Collected data:
- - - -
(* An elementary pair $M\prec N$ of models of Presburger arithmetic is stably embedded if and only if $N$ is an end-extension of $M$. In particular, the class of stably embedded pairs of models of Presburger arithmetic is elementary in the language of pairs $\mathcal L_P$.
   Context: The pair $M\prec N$ is stably embedded if for every $\mathcal L(N)$-definable $X\subseteq N^n$, $X\cap M^n$ is $\mathcal L(M)$-definable. $N$ is an end-extension of $M$ if no element of $N\setminus M$ lies between two elements of $M$ (every element of $N\setminus M$ is above all of $M$ or below all of $M$). $\mathcal L_P$ extends the Presburger language by a unary predicate $P$ interpreted as $M$. *)

From Stdlib Require Import ZArith Arith.

(* Presburger language {0, 1, +, -, <} (equality is interpreted as Leibniz
   equality on the carrier). *)
Record Lstruct := {
  car :> Type;
  s_zero : car;
  s_one : car;
  s_add : car -> car -> car;
  s_opp : car -> car;
  s_lt : car -> car -> Prop
}.

Inductive term : Type :=
| TVar : nat -> term
| TZero : term
| TOne : term
| TAdd : term -> term -> term
| TOpp : term -> term.

Inductive form : Type :=
| FEq : term -> term -> form
| FLt : term -> term -> form
| FBot : form
| FNot : form -> form
| FAnd : form -> form -> form
| FOr : form -> form -> form
| FImp : form -> form -> form
| FAll : nat -> form -> form
| FEx : nat -> form -> form.

Inductive formP : Type :=
| PEq : term -> term -> formP
| PLt : term -> term -> formP
| PMem : term -> formP
| PBot : formP
| PNot : formP -> formP
| PAnd : formP -> formP -> formP
| POr : formP -> formP -> formP
| PImp : formP -> formP -> formP
| PAll : nat -> formP -> formP
| PEx : nat -> formP -> formP.

Definition upd {T : Type} (e : nat -> T) (i : nat) (x : T) : nat -> T :=
  fun j => if Nat.eqb j i then x else e j.

Fixpoint eval (S : Lstruct) (e : nat -> S) (t : term) : S :=
  match t with
  | TVar i => e i
  | TZero => s_zero S
  | TOne => s_one S
  | TAdd t1 t2 => s_add S (eval S e t1) (eval S e t2)
  | TOpp t1 => s_opp S (eval S e t1)
  end.

Fixpoint sat (S : Lstruct) (e : nat -> S) (phi : form) : Prop :=
  match phi with
  | FEq t1 t2 => eval S e t1 = eval S e t2
  | FLt t1 t2 => s_lt S (eval S e t1) (eval S e t2)
  | FBot => False
  | FNot p => ~ sat S e p
  | FAnd p q => sat S e p /\ sat S e q
  | FOr p q => sat S e p \/ sat S e q
  | FImp p q => sat S e p -> sat S e q
  | FAll i p => forall x : S, sat S (upd e i x) p
  | FEx i p => exists x : S, sat S (upd e i x) p
  end.

Fixpoint satP (S : Lstruct) (P : S -> Prop) (e : nat -> S) (phi : formP) : Prop :=
  match phi with
  | PEq t1 t2 => eval S e t1 = eval S e t2
  | PLt t1 t2 => s_lt S (eval S e t1) (eval S e t2)
  | PMem t => P (eval S e t)
  | PBot => False
  | PNot p => ~ satP S P e p
  | PAnd p q => satP S P e p /\ satP S P e q
  | POr p q => satP S P e p \/ satP S P e q
  | PImp p q => satP S P e p -> satP S P e q
  | PAll i p => forall x : S, satP S P (upd e i x) p
  | PEx i p => exists x : S, satP S P (upd e i x) p
  end.

Definition Zstruct : Lstruct :=
  {| car := Z; s_zero := 0%Z; s_one := 1%Z; s_add := Z.add;
     s_opp := Z.opp; s_lt := Z.lt |}.

(* Models of Presburger arithmetic = models of Th(Z, 0, 1, +, -, <):
   every formula valid in Z (i.e. whose universal closure is true in Z)
   is valid in S. *)
Definition Presburger_model (S : Lstruct) : Prop :=
  forall phi : form, (forall e : nat -> Zstruct, sat Zstruct e phi) ->
    forall e : nat -> S, sat S e phi.

(* f : M -> N is an elementary embedding, i.e. M ≺ N (identifying M
   with its image). *)
Definition elementary_map (M N : Lstruct) (f : M -> N) : Prop :=
  forall (phi : form) (e : nat -> M), sat M e phi <-> sat N (fun i => f (e i)) phi.

Definition merge {T : Type} (n : nat) (a e : nat -> T) : nat -> T :=
  fun i => if Nat.ltb i n then a i else e i.

(* Stable embeddedness: for every L(N)-definable X ⊆ N^n (defined by phi
   with free variables 0..n-1 and parameters given by b), X ∩ M^n is
   L(M)-definable in M (by psi with parameters c from M). *)
Definition stably_embedded (M N : Lstruct) (f : M -> N) : Prop :=
  forall (n : nat) (phi : form) (b : nat -> N),
    exists (psi : form) (c : nat -> M),
      forall a : nat -> M,
        sat N (merge n (fun i => f (a i)) b) phi <-> sat M (merge n a c) psi.

Definition end_extension (M N : Lstruct) (f : M -> N) : Prop :=
  forall y : N, (exists x : M, f x = y) \/
                (forall x : M, s_lt N (f x) y) \/
                (forall x : M, s_lt N y (f x)).

(* By Cooper's quantifier elimination, every formula is equivalent in Th(Z, 0, 1, +, -, <)
   to a boolean combination of atoms [0 < t] and [k | t] with t linear, hence also in every
   model of Presburger arithmetic.  For arguments a from M and parameters from N such an
   atom reads [0 < t(a) + s] or [k | t(a) + s] with s in N; when N end-extends M, each is
   equivalent to an atom over M, so traces of N-definable sets are M-definable.
   Conversely, if y in N \ M lay strictly between elements of M, the M-definable set
   {z in M | z < y} would have a last element m (the discrete intermediate value property
   transfers from Z to M), and m < y <= m + 1 would force y = m + 1 in M.
   Finally, pairs (N, M) with M stably embedded are axiomatised in L_P by Th(Z), the
   Tarski-Vaught scheme for P and the end-extension axiom. *)

From Stdlib Require Import ZArith Lia List Classical ProofIrrelevance.
Import ListNotations.

Lemma upd_same {T} (e : nat -> T) i x : upd e i x i = x.
Proof. unfold upd; now rewrite Nat.eqb_refl. Qed.

Lemma upd_other {T} (e : nat -> T) i j x : j <> i -> upd e i x j = e j.
Proof. intro H; unfold upd; apply Nat.eqb_neq in H; now rewrite H. Qed.

Open Scope Z_scope.

(* [(c, [(i1, a1); ...; (ik, ak)])] stands for [c + a1 x_i1 + ... + ak x_ik];
   a variable may occur several times. *)
Definition lin := (Z * list (nat * Z))%type.

Fixpoint sum_list (e : nat -> Z) (l : list (nat * Z)) : Z :=
  match l with [] => 0 | (i, a) :: l' => a * e i + sum_list e l' end.
Fixpoint coef_list (x : nat) (l : list (nat * Z)) : Z :=
  match l with [] => 0 | (i, a) :: l' => (if Nat.eqb i x then a else 0) + coef_list x l' end.
Definition drop_list (x : nat) (l : list (nat * Z)) : list (nat * Z) :=
  filter (fun p => negb (Nat.eqb (fst p) x)) l.
Definition scale_list (m : Z) (l : list (nat * Z)) : list (nat * Z) :=
  map (fun p => (fst p, m * snd p)) l.

Definition leval (e : nat -> Z) (t : lin) : Z := fst t + sum_list e (snd t).
Definition lcoef (x : nat) (t : lin) : Z := coef_list x (snd t).
Definition ldrop (x : nat) (t : lin) : lin := (fst t, drop_list x (snd t)).
Definition lconst (c : Z) : lin := (c, []).
Definition lvar (x : nat) : lin := (0, [(x, 1)]).
Definition ladd (t u : lin) : lin := (fst t + fst u, snd t ++ snd u).
Definition lscale (m : Z) (t : lin) : lin := (m * fst t, scale_list m (snd t)).
Definition lneg (t : lin) : lin := lscale (-1) t.
Definition lsubst (x : nat) (s t : lin) : lin := ladd (ldrop x t) (lscale (lcoef x t) s).

Lemma leval_const e c : leval e (lconst c) = c.
Proof. unfold leval; simpl; lia. Qed.

Lemma leval_var e x : leval e (lvar x) = e x.
Proof. unfold leval, lvar; cbn [fst snd sum_list]; lia. Qed.

Lemma leval_add e t u : leval e (ladd t u) = leval e t + leval e u.
Proof.
  unfold leval, ladd; simpl.
  induction (snd t) as [|[i a] l IH]; simpl; lia.
Qed.

Lemma leval_scale e m t : leval e (lscale m t) = m * leval e t.
Proof.
  unfold leval, lscale; simpl.
  induction (snd t) as [|[i a] l IH]; simpl; lia.
Qed.

Lemma leval_neg e t : leval e (lneg t) = - leval e t.
Proof. unfold lneg; rewrite leval_scale; lia. Qed.

Lemma lcoef_var x : lcoef x (lvar x) = 1.
Proof. unfold lcoef; simpl; now rewrite Nat.eqb_refl. Qed.

Lemma lcoef_add x t u : lcoef x (ladd t u) = lcoef x t + lcoef x u.
Proof.
  unfold lcoef, ladd; simpl.
  induction (snd t) as [|[i a] l IH]; simpl; lia.
Qed.

Lemma lcoef_scale x m t : lcoef x (lscale m t) = m * lcoef x t.
Proof.
  unfold lcoef, lscale; simpl.
  induction (snd t) as [|[i a] l IH]; simpl; [lia|].
  destruct (Nat.eqb i x); lia.
Qed.

Lemma lcoef_drop x t : lcoef x (ldrop x t) = 0.
Proof.
  unfold lcoef, ldrop; simpl.
  induction (snd t) as [|[i a] l IH]; simpl; [lia|].
  destruct (Nat.eqb i x) eqn:E; simpl; rewrite ?E; lia.
Qed.

Lemma ldrop_idem x t : ldrop x (ldrop x t) = ldrop x t.
Proof.
  unfold ldrop; simpl; f_equal.
  induction (snd t) as [|[i a] l IH]; simpl; [reflexivity|].
  destruct (Nat.eqb i x) eqn:E; simpl; rewrite ?E; simpl; congruence.
Qed.

Lemma leval_upd e x v t : leval (upd e x v) t = lcoef x t * v + leval e (ldrop x t).
Proof.
  unfold leval, lcoef, ldrop; simpl.
  induction (snd t) as [|[i a] l IH]; simpl; [lia|].
  destruct (Nat.eqb i x) eqn:E; simpl.
  - apply Nat.eqb_eq in E; subst. rewrite upd_same. lia.
  - rewrite upd_other by (now apply Nat.eqb_neq). lia.
Qed.

Lemma leval_upd_indep e x v w t : lcoef x t = 0 -> leval (upd e x v) t = leval (upd e x w) t.
Proof. intro H; rewrite !leval_upd, H; lia. Qed.

Lemma leval_upd_shift e x v m D t :
  leval (upd e x (v + m * D)) t = leval (upd e x v) t + lcoef x t * m * D.
Proof. rewrite !leval_upd; lia. Qed.

Lemma leval_subst e x s t : leval e (lsubst x s t) = leval (upd e x (leval e s)) t.
Proof. unfold lsubst; rewrite leval_add, leval_scale, leval_upd; lia. Qed.

Inductive qf : Type :=
| QT | QF
| QLt (t : lin)
| QDv (k : positive) (t : lin)
| QNDv (k : positive) (t : lin)
| QAnd (a b : qf) | QOr (a b : qf).

Fixpoint qsem (e : nat -> Z) (q : qf) : Prop :=
  match q with
  | QT => True
  | QF => False
  | QLt t => 0 < leval e t
  | QDv k t => (Z.pos k | leval e t)
  | QNDv k t => ~ (Z.pos k | leval e t)
  | QAnd a b => qsem e a /\ qsem e b
  | QOr a b => qsem e a \/ qsem e b
  end.

Fixpoint qneg (q : qf) : qf :=
  match q with
  | QT => QF
  | QF => QT
  | QLt t => QLt (ladd (lconst 1) (lneg t))
  | QDv k t => QNDv k t
  | QNDv k t => QDv k t
  | QAnd a b => QOr (qneg a) (qneg b)
  | QOr a b => QAnd (qneg a) (qneg b)
  end.

Lemma qneg_sem e q : qsem e (qneg q) <-> ~ qsem e q.
Proof.
  induction q; simpl; rewrite ?IHq1, ?IHq2; try tauto.
  rewrite leval_add, leval_const, leval_neg; lia.
Qed.

Fixpoint atoms (q : qf) : list qf :=
  match q with QAnd a b | QOr a b => atoms a ++ atoms b | _ => [q] end.

Definition isatom (a : qf) : Prop :=
  match a with QAnd _ _ | QOr _ _ => False | _ => True end.

Lemma atoms_isatom q a : In a (atoms q) -> isatom a.
Proof.
  induction q; simpl; intro H; try (destruct H as [<-|[]]; exact I);
    apply in_app_or in H; tauto.
Qed.

Fixpoint qmap (g : qf -> qf) (q : qf) : qf :=
  match q with
  | QAnd a b => QAnd (qmap g a) (qmap g b)
  | QOr a b => QOr (qmap g a) (qmap g b)
  | _ => g q
  end.

Lemma qmap_sem g e1 e2 q :
  (forall a, In a (atoms q) -> (qsem e1 (g a) <-> qsem e2 a)) ->
  (qsem e1 (qmap g q) <-> qsem e2 q).
Proof.
  induction q; simpl; intro H; try (apply H; now left);
    rewrite IHq1, IHq2; try tauto; intros; apply H, in_or_app; auto.
Qed.

Lemma qmap_congr g e1 e2 q :
  (forall a, In a (atoms q) -> (qsem e1 (g a) <-> qsem e2 (g a))) ->
  (qsem e1 (qmap g q) <-> qsem e2 (qmap g q)).
Proof.
  induction q; simpl; intro H; try (apply H; now left);
    rewrite IHq1, IHq2; try tauto; intros; apply H, in_or_app; auto.
Qed.

Lemma atoms_qmap g q :
  (forall a, isatom a -> atoms (g a) = [g a]) ->
  forall a, In a (atoms (qmap g q)) -> exists a0, In a0 (atoms q) /\ a = g a0.
Proof.
  intro Hg; induction q; simpl; intros a Ha.
  1-5: rewrite Hg in Ha by exact I; destruct Ha as [<-|[]];
    eexists; split; [left|]; reflexivity.
  all: apply in_app_or in Ha; destruct Ha as [Ha|Ha];
    [destruct (IHq1 _ Ha) as [a0 [? ?]] | destruct (IHq2 _ Ha) as [a0 [? ?]]];
    exists a0; split; auto; apply in_or_app; auto.
Qed.

Lemma qsem_mono e1 e2 q :
  (forall a, In a (atoms q) -> qsem e1 a -> qsem e2 a) -> qsem e1 q -> qsem e2 q.
Proof.
  induction q; intro H; try exact (H _ (or_introl eq_refl)); simpl in *;
    (assert (H1 : forall a, In a (atoms q1) -> qsem e1 a -> qsem e2 a)
       by (intros; apply H; auto; apply in_or_app; auto));
    (assert (H2 : forall a, In a (atoms q2) -> qsem e1 a -> qsem e2 a)
       by (intros; apply H; auto; apply in_or_app; auto));
    specialize (IHq1 H1); specialize (IHq2 H2); tauto.
Qed.

Definition asubst x s (a : qf) : qf :=
  match a with
  | QLt t => QLt (lsubst x s t)
  | QDv k t => QDv k (lsubst x s t)
  | QNDv k t => QNDv k (lsubst x s t)
  | _ => a
  end.
Definition qsubst x s q := qmap (asubst x s) q.

Lemma qsubst_sem e x s q : qsem e (qsubst x s q) <-> qsem (upd e x (leval e s)) q.
Proof.
  apply qmap_sem; intros a Ha; apply atoms_isatom in Ha.
  destruct a; simpl in *; rewrite ?leval_subst; tauto.
Qed.

Fixpoint bigor (l : list qf) : qf :=
  match l with [] => QF | a :: l' => QOr a (bigor l') end.

Lemma bigor_sem e l : qsem e (bigor l) <-> exists a, In a l /\ qsem e a.
Proof.
  induction l as [|a l IH]; simpl; [firstorder|].
  rewrite IH; split.
  - intros [H|[b [? ?]]]; eauto.
  - intros [b [[<-|H] H2]]; eauto.
Qed.
(* For each integer $p\ge 2$ there is a constant $C_p>0$ such that for arbitrarily large $n$ (i.e. for infinitely many positive integers $n$) there exists a $(p-1)$-dimensional simplicial complex $\Gamma$ with $n$ vertices satisfying $\mathrm{gr}_{p-1}(\Gamma)>2p$ and $f_{p-1}(\Gamma)\ge C_p\,n^{\,p-\frac{p}{2^p-1}}$.
   Context: A simplicial complex $\Gamma$ on a finite vertex set $V=V(\Gamma)$ is a family of subsets of $V$ (faces) closed under taking subsets; its dimension is $\max\{|F|:F\in\Gamma\}-1$; $f_j(\Gamma)$ is the number of faces with $j+1$ elements. For $W\subseteq V$, $\Gamma[W]=\{F\in\Gamma:F\subseteq W\}$; for a face $F$ (possibly empty), $\mathrm{lk}_\Gamma(F)=\{G\setminus F: F\subseteq G\in\Gamma\}$. Fix a field $\mathbf{k}$; $\tilde H_j(\cdot;\mathbf{k})$ is reduced simplicial homology. The $(p-1)$-girth is $\mathrm{gr}_{p-1}(\Gamma)=\min\{|W|: W\subseteq V(\Gamma),\ \tilde H_{p-1}(\mathrm{lk}_\Gamma(F)[W];\mathbf{k})\neq 0 \text{ for some face } F\in\Gamma \text{ (including } F=\emptyset)\}$, or $\infty$ if none exists. *)

From HB Require Import structures.
From mathcomp Require Import all_boot all_order all_algebra.
Set Implicit Arguments. Unset Strict Implicit. Unset Printing Implicit Defensive.
Import GRing.Theory.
- - - -
Only lines that hold the string "subseteq" belong in the answer, so copy every one of them from the records.

   Context: The pair $M\prec N$ is stably embedded if for every $\mathcal L(N)$-definable $X\subseteq N^n$, $X\cap M^n$ is $\mathcal L(M)$-definable. $N$ is an end-extension of $M$ if no element of $N\setminus M$ lies between two elements of $M$ (every element of $N\setminus M$ is above all of $M$ or below all of $M$). $\mathcal L_P$ extends the Presburger language by a unary predicate $P$ interpreted as $M$. *)
   Context: A simplicial complex $\Gamma$ on a finite vertex set $V=V(\Gamma)$ is a family of subsets of $V$ (faces) closed under taking subsets; its dimension is $\max\{|F|:F\in\Gamma\}-1$; $f_j(\Gamma)$ is the number of faces with $j+1$ elements. For $W\subseteq V$, $\Gamma[W]=\{F\in\Gamma:F\subseteq W\}$; for a face $F$ (possibly empty), $\mathrm{lk}_\Gamma(F)=\{G\setminus F: F\subseteq G\in\Gamma\}$. Fix a field $\mathbf{k}$; $\tilde H_j(\cdot;\mathbf{k})$ is reduced simplicial homology. The $(p-1)$-girth is $\mathrm{gr}_{p-1}(\Gamma)=\min\{|W|: W\subseteq V(\Gamma),\ \tilde H_{p-1}(\mathrm{lk}_\Gamma(F)[W];\mathbf{k})\neq 0 \text{ for some face } F\in\Gamma \text{ (including } F=\emptyset)\}$, or $\infty$ if none exists. *)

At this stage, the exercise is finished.